Lead Sponsor: Allergan

Brief Summary: The objectives of this study are to evaluate the safety and effectiveness of JUVÉDERM® VOLUMA® with Lidocaine injectable gel in adult Chinese population seeking correction of temple hollowing.

Detailed Description: Not available

Recruitment & Eligibility

Status: COMPLETED

Sex: All

Target Recruitment: 168

Inclusion Criteria

Participant must be 18 or over, at the time of signing the ICF
Participants seeking improvement of temple hollowing
Capable of giving signed informed consent which includes compliance with the requirements and restrictions listed in the ICF and in the protocol
Written informed consent from the participant has been obtained prior to any study-related procedures
Written documentation has been obtained in accordance with the relevant country and local privacy requirements, where applicable
Is able to complete effectiveness self-assessments without the use of glasses (contact lens use is acceptable if they will be used for all participant self-assessments)

Exclusion Criteria

Temple hollowing due to trauma, congenital malformations, or lipodystrophy, either congenital or acquired
Has experienced trauma to the temple area within 6 months before enrollment or has residual deficiencies, deformities, or scarring
Temporal arteritis or history of temporal arteritis
Temporomandibular joint dysfunction or any other jaw issues
Recurrent temporal headaches such as temporal tendinitis migraine
Active or recurrent inflammation or infection in either eye
Tendency to develop hypertrophic scarring
Active autoimmune disease
History of anaphylaxis or allergy to lidocaine (or any amide-based anesthetics), HA products, or Streptococcal protein
Current cutaneous or mucosal inflammatory or infectious processes (e.g. acne, herpes), abscess, an unhealed wound, or a cancerous or precancerous lesion, above the subnasal
Prior facial reconstructive surgeries, facelift, or browlift as well as surgeries on the temple area (eg, biopsy)
Fat injection or permanent facial implants anywhere in the face
Semipermanent soft-tissue filler treatment in the temple or mid-face within 36 months before enrollment
Temporary dermal filler injections above the subnasale within 12 months before enrollment
Mesotherapy or cosmetic facial procedures above the subnasale within 6 months before enrollment (examples of mesotherapy or cosmetic facial procedures are laser, photomodulation, intense pulsed light, radio frequency, dermabrasion, moderate or greater depth chemical peel, or other ablative procedures.
Injections in the nasolabial fold are acceptable only if done at least 3 months prior to enrollment
Botulinum toxin treatment above the subnasale within 6 months before enrollment
Has braces or other orthodontics
Not eligible for this study if participants have begun using any new over the counter or prescription oral or tropical, anti-wrinkle products above the subnasale within 30 days before enrollment.
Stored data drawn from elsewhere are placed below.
(* Consider the dynamic load balancing game described in the context, and suppose all players follow the best-response algorithm. Then after $$t''=O\!\left(\max_j\left\lceil\frac{s_j^0}{\mu_j}\right\rceil\cdot\frac{\sum_j\mu_j+\sum_j s_j^0}{\sum_j\mu_j-\lambda_{\max}}\right)$$ iterations, the state of each server becomes zero (the system becomes load-balanced), and it remains zero thereafter. In particular, the strategies of the players converge to the pure Nash equilibrium of the static load balancing game with zero initial loads, i.e., $\lim_{t\to\infty}a_{ij}^t=\frac{\mu_j}{\sum_{k=1}^m\mu_k}$ for every player $i$ and server $j$.
   Context: Dynamic load balancing game: there are $m$ servers with service rates $\mu_j>0$ and $n$ players with job lengths $\lambda_i>0$; let $\lambda_{\max}=\max_i\lambda_i$, and assume $\lambda_{\max}<\sum_{j=1}^m\mu_j$. Time is discrete, $t=0,1,2,\dots$; the state at time $t$ is $s^t=(s_1^t,\dots,s_m^t)$, $s_j^t\ge0$ the load on server $j$, with given initial state $s^0$. At each time $t$ exactly one player $i$ receives a new job of length $\lambda_i$ and immediately chooses $a_i^t$ in the simplex $\{a:\sum_ja_j=1,a_j\ge0\}$, incurring cost $$D_i(a^t,s^t)=\sum_{j=1}^m\lambda_i a_{ij}^t\left(\frac{\lambda_i a_{ij}^t}{2\mu_j}+\frac{s_j^t}{\mu_j}\right),$$ after which $s_j^{t+1}=\max\{0,\ s_j^t+\lambda_i a_{ij}^t-\mu_j\}$ for all $j$. Best-response algorithm: the player receiving the job at time $t$ chooses $a_i^t$ as the unique minimizer of $D_i(a_i,s^t)$ over the simplex. The static load balancing game with zero initial loads is the game in which each player $i$ chooses $a_i$ in the simplex to minimize $\sum_j\lambda_ia_{ij}\big(\frac{\lambda_ia_{ij}}{2\mu_j}+\frac{\sum_{k\ne i}\lambda_ka_{kj}}{\mu_j}\big)$. *)

(* R : realType, servers 'I_m, players 'I_n. *)
From HB Require Import structures.
From mathcomp Require Import all_boot all_order all_algebra.
From mathcomp Require Import all_classical all_reals all_analysis.
Set Implicit Arguments. Unset Strict Implicit. Unset Printing Implicit Defensive.
Import Order.TTheory GRing.Theory Num.Theory.
Import numFieldNormedType.Exports.
Local Open Scope ring_scope.

Section LB.
Variables (R : realType) (m : nat).

Definition in_simplex (a : 'I_m -> R) : Prop :=
  (forall j, 0 <= a j) /\ \sum_(j < m) a j = 1.

(* cost D_i(a,s) of a player with job length lam, rates mu, state s *)
Definition cost (mu : 'I_m -> R) (lam : R) (a s : 'I_m -> R) : R :=
  \sum_(j < m) lam * a j * (lam * a j / (2 * mu j) + s j / mu j).

Definition best_response (mu : 'I_m -> R) (lam : R) (s a : 'I_m -> R) : Prop :=
  in_simplex a /\ forall b, in_simplex b -> cost mu lam a s <= cost mu lam b s.

Definition next_state (mu : 'I_m -> R) (lam : R) (a s : 'I_m -> R) : 'I_m -> R :=
  fun j => Num.max 0 (s j + lam * a j - mu j).

Definition static_cost (n : nat) (mu : 'I_m -> R) (lam : 'I_n -> R)
  (A : 'I_n -> 'I_m -> R) (i : 'I_n) (ai : 'I_m -> R) : R :=
  \sum_(j < m) lam i * ai j *
     (lam i * ai j / (2 * mu j) + (\sum_(k < n | k != i) lam k * A k j) / mu j).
Participants who have been on a regimen of such products for at least 30 days are eligible for the study if they intend to continue their regimen throughout the study
Is on a regimen of anti-coagulation therapy (eg, warfarin, clopidogrel)
Has tattoos, piercings, facial hair, or scars above and including the subnasale that would interfere with visual assessment of the temple
Females who are pregnant, nursing, or planning a pregnancy
Plans a significant weight change (more than 10% of body weight) during the study

Study & Design

Study Type: INTERVENTIONAL

Study Design: PARALLEL

Arm && Interventions

Group	Intervention	Description
JUVÉDERM® VOLUMA® with Lidocaine	JUVÉDERM® VOLUMA® with Lidocaine	Participants will be treated with JUVÉDERM® VOLUMA® with Lidocaine injectable gel in temple. Participants are eligible for touch up treatment

Primary Outcome Measures

Name	Time	Method
Number of Participants With Adverse Events	Up to 14 Months	An adverse event (AE) is defined as any untoward medical occurrence in a patient or clinical investigation subject administered a pharmaceutical product and which does not necessarily have a causal relationship with this treatment. The investigator assessed the relationship of each event to the use of study drug as either probably related, possibly related, probably not related or not related. A serious adverse event (SAE) is an event that results in death, is life-threatening, requires or prolongs hospitalization, results in a congenital anomaly, persistent or significant disability/incapacity or is an important medical event that, based on medical judgment, may jeopardize the subject and may require medical or surgical intervention to prevent any of the outcomes listed above. Treatment-emergent events (TEAEs/TESAEs) are defined as any event that began or worsened in severity after the first dose of study drug and no more than 30 days after the last dose of the study drug.
Participants With at Least a 1-Point Improvement (Decrease) in Temple as Assessed by the Evaluating Investigator (EI) Using the Allergan Temple Hollowing Scale (ATHS)	Change from Baseline to Month 6	The Evaluating Investigator will assess the participant's temple hollowing using the ATHS 5-point scale where: 0=convex, rounded temple to 4=severe, deeply recessed, sunken appearance. A 1-point decrease from Baseline indicates improvement.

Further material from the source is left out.